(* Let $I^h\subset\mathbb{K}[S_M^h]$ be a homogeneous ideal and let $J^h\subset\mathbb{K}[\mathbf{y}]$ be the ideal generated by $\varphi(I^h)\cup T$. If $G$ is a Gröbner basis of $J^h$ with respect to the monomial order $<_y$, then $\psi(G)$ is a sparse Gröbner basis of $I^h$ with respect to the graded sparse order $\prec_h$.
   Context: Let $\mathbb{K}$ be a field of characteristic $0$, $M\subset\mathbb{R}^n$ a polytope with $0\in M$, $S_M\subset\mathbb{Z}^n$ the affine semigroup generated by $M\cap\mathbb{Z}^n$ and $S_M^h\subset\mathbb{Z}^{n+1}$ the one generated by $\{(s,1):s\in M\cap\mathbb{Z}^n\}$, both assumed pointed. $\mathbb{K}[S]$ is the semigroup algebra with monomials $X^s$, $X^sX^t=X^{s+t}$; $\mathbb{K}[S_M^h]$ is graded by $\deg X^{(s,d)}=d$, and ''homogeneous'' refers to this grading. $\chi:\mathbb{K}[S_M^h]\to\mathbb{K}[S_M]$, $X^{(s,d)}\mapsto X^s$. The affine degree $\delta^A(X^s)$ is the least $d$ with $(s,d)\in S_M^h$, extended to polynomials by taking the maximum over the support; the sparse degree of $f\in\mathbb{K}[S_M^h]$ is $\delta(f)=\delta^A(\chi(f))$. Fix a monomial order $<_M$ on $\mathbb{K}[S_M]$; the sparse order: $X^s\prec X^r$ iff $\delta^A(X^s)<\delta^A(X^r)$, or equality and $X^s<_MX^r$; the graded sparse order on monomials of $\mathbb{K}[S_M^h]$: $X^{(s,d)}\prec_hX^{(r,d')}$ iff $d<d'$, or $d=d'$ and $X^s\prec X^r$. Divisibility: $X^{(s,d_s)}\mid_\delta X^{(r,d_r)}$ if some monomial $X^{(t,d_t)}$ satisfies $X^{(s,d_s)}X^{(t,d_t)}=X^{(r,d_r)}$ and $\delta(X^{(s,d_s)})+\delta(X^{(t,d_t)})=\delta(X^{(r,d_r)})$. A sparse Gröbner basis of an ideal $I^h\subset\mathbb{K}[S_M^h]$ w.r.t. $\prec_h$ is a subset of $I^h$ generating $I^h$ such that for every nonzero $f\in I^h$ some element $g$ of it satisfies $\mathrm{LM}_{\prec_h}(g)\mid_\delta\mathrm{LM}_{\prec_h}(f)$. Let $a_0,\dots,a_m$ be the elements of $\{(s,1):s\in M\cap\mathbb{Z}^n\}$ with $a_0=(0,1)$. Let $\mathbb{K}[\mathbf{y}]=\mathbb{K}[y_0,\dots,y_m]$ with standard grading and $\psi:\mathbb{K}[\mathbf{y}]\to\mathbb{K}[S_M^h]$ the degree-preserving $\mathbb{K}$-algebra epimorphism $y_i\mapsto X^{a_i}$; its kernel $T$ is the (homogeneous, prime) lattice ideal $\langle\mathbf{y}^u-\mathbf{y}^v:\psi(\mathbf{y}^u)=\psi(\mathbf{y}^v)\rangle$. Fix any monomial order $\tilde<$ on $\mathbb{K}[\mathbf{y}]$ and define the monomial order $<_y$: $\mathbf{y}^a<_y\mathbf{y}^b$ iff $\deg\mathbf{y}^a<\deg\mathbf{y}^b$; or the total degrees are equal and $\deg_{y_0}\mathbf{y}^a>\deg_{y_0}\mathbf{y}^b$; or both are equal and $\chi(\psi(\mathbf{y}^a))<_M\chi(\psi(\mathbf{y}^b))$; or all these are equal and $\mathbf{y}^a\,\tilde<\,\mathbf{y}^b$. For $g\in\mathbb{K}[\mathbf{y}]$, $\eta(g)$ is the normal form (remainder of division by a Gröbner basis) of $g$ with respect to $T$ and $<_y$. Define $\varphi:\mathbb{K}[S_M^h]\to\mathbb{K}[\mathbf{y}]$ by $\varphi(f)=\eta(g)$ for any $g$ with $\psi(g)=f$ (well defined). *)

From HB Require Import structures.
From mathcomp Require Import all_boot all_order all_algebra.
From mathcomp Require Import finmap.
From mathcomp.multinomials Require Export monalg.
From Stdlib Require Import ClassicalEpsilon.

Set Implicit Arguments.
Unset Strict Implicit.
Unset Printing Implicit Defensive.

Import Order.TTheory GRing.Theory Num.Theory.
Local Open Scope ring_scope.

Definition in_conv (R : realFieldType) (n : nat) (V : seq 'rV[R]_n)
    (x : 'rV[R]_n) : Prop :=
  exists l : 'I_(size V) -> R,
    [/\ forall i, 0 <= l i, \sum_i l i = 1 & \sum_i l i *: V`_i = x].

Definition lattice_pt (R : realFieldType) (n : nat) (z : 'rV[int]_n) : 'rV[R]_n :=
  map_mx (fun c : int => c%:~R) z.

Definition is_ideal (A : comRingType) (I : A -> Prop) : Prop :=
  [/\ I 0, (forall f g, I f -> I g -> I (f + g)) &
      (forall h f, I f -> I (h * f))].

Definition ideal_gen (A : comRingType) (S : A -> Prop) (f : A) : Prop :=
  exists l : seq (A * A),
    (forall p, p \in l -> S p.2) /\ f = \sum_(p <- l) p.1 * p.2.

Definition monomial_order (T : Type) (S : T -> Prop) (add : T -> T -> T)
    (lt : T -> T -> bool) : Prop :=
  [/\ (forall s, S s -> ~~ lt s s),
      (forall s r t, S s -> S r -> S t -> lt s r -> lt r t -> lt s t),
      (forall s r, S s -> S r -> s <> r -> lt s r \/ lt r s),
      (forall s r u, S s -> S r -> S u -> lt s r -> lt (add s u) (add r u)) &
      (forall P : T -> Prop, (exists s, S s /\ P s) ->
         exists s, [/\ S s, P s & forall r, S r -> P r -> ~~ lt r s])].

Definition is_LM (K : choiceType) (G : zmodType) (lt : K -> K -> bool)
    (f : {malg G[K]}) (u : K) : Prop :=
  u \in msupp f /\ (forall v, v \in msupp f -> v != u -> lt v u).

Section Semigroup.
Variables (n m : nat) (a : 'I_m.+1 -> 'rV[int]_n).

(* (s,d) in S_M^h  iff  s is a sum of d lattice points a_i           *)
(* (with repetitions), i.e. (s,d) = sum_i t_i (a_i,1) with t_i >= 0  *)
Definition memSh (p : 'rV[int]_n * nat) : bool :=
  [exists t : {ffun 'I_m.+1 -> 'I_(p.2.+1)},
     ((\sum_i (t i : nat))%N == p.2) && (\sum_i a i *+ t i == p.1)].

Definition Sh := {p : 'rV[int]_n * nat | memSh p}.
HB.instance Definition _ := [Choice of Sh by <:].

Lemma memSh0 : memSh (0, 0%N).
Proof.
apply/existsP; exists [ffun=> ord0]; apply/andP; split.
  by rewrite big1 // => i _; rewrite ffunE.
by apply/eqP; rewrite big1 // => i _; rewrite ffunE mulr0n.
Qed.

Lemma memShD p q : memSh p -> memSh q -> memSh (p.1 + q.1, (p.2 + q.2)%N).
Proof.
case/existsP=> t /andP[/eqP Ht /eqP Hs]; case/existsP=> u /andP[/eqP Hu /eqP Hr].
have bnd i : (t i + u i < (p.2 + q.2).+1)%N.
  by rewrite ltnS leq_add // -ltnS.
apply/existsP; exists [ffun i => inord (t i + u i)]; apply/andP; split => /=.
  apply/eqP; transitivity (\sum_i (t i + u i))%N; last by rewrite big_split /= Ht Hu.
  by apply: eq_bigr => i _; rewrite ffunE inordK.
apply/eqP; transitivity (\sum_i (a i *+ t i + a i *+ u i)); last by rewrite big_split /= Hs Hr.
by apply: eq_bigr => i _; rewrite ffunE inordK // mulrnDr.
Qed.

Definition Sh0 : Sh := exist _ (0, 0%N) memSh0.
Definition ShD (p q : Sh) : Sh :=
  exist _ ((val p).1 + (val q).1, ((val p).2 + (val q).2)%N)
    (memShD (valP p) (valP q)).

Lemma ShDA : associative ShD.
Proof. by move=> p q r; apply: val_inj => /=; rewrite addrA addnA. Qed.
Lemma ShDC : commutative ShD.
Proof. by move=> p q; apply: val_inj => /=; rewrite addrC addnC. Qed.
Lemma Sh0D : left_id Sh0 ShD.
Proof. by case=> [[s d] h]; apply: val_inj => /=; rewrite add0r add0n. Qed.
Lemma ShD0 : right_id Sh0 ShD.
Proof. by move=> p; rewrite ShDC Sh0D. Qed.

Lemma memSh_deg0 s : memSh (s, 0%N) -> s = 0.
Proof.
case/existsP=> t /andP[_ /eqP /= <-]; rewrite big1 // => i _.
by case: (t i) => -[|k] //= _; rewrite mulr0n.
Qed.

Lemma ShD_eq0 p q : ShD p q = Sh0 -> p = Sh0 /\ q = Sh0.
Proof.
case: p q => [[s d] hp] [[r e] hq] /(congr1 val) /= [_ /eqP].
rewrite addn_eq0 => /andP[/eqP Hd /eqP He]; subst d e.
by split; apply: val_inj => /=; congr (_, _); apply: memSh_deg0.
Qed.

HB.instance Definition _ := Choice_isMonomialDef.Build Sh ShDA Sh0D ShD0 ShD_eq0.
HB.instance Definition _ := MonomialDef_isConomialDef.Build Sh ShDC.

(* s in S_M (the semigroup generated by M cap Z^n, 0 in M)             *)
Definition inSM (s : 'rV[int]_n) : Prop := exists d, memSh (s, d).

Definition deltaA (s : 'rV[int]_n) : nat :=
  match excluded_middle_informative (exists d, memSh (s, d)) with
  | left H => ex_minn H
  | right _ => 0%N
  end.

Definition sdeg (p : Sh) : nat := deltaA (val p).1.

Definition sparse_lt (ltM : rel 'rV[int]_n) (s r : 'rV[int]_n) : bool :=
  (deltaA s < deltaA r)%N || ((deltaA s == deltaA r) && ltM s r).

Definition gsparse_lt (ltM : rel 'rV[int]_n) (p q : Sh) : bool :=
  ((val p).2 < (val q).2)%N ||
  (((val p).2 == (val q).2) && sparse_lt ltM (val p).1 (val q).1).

---

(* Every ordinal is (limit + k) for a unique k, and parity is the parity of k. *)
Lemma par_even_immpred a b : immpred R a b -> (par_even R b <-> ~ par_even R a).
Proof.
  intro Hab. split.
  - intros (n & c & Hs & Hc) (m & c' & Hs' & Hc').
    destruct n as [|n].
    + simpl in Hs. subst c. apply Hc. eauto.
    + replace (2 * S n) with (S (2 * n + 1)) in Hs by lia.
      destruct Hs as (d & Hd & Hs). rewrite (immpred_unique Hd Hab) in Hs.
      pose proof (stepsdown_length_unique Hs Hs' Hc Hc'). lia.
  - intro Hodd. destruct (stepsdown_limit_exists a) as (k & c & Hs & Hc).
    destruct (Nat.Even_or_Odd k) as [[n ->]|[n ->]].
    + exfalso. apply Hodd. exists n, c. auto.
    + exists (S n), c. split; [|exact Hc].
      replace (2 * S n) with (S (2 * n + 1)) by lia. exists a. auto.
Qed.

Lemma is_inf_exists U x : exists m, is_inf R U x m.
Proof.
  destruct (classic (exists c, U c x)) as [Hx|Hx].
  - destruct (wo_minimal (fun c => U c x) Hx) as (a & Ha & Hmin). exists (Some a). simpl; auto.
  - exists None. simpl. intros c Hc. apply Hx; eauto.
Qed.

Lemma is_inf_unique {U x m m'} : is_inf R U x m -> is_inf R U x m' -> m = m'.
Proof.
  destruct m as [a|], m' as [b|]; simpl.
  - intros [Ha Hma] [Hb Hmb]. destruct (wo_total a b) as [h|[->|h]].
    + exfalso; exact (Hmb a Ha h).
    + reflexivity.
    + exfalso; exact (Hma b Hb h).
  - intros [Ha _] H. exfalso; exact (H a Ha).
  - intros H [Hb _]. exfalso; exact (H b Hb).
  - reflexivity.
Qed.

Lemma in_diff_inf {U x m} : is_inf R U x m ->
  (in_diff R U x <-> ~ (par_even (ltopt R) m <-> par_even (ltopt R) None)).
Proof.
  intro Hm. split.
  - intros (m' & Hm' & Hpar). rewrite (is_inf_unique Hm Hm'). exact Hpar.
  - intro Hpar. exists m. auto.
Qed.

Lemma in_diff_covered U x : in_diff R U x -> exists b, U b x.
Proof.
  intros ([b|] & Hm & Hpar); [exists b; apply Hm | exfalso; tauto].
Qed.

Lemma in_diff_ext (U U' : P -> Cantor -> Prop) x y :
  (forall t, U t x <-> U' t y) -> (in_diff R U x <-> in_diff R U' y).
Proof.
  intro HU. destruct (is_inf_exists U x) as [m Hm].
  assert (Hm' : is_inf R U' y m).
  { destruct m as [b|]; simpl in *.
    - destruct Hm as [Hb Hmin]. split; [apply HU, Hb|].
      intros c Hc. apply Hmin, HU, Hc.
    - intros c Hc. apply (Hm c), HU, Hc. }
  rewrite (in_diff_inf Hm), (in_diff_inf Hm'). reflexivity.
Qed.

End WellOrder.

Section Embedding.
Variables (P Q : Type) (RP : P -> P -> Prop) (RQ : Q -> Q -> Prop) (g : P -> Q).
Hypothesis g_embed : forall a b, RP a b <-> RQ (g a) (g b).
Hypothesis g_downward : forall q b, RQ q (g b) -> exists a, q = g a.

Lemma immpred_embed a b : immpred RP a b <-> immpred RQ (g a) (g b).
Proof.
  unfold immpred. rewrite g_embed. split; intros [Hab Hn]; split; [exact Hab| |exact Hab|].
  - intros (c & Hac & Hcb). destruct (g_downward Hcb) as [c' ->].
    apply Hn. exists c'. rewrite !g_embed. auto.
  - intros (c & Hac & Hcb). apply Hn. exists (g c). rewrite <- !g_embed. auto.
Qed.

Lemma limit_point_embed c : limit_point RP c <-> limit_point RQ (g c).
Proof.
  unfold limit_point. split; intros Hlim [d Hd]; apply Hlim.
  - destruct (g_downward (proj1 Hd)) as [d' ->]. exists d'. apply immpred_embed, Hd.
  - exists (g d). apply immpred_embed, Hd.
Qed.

---

#### Problem description
Across the data above, how many lines include the word "transitivity"? Give only the count.

#### Finished exercise
2